(Saved entries)
---------------
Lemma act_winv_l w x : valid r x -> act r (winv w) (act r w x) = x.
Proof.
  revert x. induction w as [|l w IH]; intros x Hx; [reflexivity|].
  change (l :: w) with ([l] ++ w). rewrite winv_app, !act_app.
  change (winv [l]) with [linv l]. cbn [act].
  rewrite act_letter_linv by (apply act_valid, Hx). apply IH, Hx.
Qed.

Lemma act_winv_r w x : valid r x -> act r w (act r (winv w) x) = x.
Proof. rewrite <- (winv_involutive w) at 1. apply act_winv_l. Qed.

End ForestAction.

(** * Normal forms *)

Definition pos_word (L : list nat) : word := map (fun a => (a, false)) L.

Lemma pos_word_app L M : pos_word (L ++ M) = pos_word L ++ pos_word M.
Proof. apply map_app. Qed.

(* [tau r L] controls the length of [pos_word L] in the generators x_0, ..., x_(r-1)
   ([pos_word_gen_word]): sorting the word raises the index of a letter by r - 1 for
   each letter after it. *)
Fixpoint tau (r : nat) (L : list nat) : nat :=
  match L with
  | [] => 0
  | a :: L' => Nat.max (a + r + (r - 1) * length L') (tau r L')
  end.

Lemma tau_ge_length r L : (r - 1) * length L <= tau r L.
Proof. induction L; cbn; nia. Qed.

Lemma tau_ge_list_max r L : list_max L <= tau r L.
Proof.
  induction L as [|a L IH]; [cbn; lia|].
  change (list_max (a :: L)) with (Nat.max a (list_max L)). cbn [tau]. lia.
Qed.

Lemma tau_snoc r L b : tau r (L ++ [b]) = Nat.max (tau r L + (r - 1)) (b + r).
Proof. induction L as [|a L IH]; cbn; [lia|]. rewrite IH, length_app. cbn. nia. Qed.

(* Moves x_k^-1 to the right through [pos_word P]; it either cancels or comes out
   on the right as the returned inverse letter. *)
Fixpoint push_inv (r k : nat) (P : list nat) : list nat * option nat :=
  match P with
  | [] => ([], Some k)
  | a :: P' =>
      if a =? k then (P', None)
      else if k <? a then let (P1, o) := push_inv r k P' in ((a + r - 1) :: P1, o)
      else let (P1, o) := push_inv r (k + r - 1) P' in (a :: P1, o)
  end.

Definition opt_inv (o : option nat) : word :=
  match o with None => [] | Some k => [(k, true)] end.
---------------
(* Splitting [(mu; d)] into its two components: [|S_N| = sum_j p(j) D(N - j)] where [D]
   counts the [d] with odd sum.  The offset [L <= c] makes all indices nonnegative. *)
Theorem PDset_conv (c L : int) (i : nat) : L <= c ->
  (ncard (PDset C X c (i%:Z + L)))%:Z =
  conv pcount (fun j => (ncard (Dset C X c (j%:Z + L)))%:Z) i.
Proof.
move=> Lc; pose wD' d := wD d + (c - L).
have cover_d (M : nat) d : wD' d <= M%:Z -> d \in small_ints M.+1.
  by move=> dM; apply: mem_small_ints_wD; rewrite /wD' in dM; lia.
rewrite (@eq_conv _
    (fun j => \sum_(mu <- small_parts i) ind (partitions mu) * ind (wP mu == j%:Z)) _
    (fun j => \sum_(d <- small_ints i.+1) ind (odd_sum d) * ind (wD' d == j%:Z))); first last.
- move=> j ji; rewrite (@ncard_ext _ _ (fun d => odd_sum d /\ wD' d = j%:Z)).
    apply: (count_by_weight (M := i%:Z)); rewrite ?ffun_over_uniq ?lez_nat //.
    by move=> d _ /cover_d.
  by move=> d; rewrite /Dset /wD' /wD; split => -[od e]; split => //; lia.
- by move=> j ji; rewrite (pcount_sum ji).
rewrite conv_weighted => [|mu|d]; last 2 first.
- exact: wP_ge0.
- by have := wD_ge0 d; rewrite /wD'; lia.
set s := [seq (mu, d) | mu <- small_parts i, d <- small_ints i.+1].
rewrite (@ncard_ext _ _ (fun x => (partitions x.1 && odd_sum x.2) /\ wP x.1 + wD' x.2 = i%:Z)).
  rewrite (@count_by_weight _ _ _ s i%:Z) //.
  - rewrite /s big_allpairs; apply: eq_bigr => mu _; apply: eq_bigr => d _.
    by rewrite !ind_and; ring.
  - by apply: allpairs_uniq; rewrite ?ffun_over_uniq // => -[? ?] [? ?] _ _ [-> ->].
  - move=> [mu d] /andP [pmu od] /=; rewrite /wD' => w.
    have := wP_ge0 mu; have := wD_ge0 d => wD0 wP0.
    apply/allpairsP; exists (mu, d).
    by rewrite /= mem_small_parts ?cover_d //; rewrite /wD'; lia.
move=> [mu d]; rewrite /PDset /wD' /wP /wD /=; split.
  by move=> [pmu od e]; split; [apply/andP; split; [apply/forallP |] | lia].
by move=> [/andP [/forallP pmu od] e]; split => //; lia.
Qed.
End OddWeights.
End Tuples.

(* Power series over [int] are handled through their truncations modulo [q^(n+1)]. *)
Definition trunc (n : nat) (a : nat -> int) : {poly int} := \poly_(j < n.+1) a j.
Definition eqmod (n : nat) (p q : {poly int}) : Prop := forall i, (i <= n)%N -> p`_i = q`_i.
---------------
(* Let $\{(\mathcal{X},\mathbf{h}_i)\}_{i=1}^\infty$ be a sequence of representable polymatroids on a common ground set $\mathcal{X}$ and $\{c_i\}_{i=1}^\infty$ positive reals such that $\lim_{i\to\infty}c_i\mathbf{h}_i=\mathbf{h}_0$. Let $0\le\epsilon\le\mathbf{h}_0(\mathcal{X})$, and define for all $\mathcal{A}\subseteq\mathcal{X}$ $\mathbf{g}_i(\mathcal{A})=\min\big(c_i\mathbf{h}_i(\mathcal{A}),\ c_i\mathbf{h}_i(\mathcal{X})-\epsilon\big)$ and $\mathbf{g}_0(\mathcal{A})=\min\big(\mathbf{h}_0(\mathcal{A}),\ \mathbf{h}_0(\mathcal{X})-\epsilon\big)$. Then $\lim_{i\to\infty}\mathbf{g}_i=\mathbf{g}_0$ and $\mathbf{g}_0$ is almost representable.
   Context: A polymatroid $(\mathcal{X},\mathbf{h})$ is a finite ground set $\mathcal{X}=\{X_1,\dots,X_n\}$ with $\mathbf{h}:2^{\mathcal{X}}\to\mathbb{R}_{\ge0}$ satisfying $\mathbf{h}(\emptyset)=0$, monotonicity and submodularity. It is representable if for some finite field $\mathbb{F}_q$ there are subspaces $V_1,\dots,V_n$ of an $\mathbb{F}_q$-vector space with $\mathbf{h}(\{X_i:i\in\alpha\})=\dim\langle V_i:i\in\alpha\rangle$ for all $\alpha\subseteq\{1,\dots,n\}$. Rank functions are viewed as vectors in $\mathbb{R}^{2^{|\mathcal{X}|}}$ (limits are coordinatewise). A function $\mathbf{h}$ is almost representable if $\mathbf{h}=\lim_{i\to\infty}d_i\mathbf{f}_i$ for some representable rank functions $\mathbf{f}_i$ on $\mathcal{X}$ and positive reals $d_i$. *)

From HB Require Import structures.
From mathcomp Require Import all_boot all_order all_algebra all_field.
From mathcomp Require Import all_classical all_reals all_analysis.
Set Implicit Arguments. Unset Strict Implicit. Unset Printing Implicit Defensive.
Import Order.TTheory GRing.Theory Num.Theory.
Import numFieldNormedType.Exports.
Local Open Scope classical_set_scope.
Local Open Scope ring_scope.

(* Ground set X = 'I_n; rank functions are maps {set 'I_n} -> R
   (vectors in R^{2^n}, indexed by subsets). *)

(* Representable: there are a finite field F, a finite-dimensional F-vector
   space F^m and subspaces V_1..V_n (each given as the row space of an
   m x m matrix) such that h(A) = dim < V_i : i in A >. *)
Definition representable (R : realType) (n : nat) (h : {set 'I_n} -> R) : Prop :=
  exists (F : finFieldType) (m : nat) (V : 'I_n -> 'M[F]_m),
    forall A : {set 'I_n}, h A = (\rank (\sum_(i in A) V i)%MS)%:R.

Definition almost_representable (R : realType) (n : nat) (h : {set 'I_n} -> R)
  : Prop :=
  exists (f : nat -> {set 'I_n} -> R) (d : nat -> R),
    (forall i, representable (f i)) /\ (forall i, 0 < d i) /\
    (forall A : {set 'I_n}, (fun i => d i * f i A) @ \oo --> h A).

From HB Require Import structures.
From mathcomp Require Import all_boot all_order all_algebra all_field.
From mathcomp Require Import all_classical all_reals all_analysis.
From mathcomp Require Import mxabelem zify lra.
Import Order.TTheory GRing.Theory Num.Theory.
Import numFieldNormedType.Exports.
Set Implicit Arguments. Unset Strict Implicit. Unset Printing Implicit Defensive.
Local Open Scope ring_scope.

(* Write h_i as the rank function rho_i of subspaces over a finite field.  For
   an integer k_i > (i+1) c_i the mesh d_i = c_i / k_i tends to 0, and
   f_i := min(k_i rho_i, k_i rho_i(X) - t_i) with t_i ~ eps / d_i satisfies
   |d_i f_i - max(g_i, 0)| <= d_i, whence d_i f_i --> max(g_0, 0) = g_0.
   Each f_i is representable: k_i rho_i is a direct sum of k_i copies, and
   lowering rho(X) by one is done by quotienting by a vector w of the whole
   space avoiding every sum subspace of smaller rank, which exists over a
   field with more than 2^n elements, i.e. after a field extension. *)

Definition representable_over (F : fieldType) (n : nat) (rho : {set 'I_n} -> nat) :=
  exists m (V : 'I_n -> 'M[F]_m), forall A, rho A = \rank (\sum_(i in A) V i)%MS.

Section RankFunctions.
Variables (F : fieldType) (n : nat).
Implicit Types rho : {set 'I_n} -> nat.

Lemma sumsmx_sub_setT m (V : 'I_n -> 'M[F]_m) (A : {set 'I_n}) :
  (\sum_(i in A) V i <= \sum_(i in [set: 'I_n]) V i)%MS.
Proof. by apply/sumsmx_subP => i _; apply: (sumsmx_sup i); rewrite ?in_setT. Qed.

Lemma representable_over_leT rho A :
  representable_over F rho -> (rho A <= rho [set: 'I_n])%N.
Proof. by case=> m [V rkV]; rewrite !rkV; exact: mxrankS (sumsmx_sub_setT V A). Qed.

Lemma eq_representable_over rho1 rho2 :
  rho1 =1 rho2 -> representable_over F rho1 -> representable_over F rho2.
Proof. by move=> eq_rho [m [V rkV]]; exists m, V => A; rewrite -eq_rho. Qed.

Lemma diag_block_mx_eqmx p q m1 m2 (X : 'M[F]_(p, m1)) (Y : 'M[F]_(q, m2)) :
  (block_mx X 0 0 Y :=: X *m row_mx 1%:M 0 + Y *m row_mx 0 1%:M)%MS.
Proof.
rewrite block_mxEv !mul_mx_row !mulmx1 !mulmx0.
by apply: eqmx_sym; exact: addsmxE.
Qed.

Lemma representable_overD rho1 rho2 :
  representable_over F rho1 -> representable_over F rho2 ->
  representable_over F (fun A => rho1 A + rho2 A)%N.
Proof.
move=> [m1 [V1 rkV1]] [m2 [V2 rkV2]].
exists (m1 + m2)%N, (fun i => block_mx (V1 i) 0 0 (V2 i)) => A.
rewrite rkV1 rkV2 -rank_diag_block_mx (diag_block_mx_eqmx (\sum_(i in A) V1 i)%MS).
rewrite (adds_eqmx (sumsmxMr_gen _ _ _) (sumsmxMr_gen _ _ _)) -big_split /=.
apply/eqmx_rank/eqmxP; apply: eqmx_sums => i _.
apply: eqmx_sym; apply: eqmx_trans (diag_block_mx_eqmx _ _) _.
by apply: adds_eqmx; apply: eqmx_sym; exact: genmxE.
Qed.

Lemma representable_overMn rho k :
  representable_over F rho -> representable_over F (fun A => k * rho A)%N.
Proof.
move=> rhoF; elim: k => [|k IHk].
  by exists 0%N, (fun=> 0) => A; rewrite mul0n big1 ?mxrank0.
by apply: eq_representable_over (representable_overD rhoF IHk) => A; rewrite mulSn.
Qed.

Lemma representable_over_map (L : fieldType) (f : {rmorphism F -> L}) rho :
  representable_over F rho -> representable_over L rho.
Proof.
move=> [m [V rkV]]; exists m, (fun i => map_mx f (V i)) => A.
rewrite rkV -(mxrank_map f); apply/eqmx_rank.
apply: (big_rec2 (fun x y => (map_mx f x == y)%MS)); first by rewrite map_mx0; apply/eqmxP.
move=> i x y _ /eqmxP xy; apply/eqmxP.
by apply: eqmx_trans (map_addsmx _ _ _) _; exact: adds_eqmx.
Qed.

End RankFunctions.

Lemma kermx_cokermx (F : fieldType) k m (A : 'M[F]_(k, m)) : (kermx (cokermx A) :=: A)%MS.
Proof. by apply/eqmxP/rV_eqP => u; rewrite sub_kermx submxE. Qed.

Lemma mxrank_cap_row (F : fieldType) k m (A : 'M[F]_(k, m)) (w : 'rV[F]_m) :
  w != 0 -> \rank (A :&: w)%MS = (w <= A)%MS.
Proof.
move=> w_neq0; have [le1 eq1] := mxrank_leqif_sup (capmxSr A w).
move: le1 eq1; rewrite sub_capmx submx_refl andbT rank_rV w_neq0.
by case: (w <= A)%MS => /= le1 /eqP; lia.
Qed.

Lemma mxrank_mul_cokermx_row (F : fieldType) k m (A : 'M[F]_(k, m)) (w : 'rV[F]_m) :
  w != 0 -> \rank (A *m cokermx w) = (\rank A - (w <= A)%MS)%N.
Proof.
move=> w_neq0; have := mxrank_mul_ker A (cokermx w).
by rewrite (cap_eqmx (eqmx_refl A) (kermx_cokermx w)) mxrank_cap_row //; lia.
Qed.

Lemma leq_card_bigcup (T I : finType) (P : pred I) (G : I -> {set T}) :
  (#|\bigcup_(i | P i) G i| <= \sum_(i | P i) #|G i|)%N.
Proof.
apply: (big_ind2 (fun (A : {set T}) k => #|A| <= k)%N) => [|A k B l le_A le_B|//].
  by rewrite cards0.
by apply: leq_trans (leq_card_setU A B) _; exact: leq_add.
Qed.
---------------
Go line by line through the data above and count those holding "after"; report the number alone.

▸ **Task answer**
2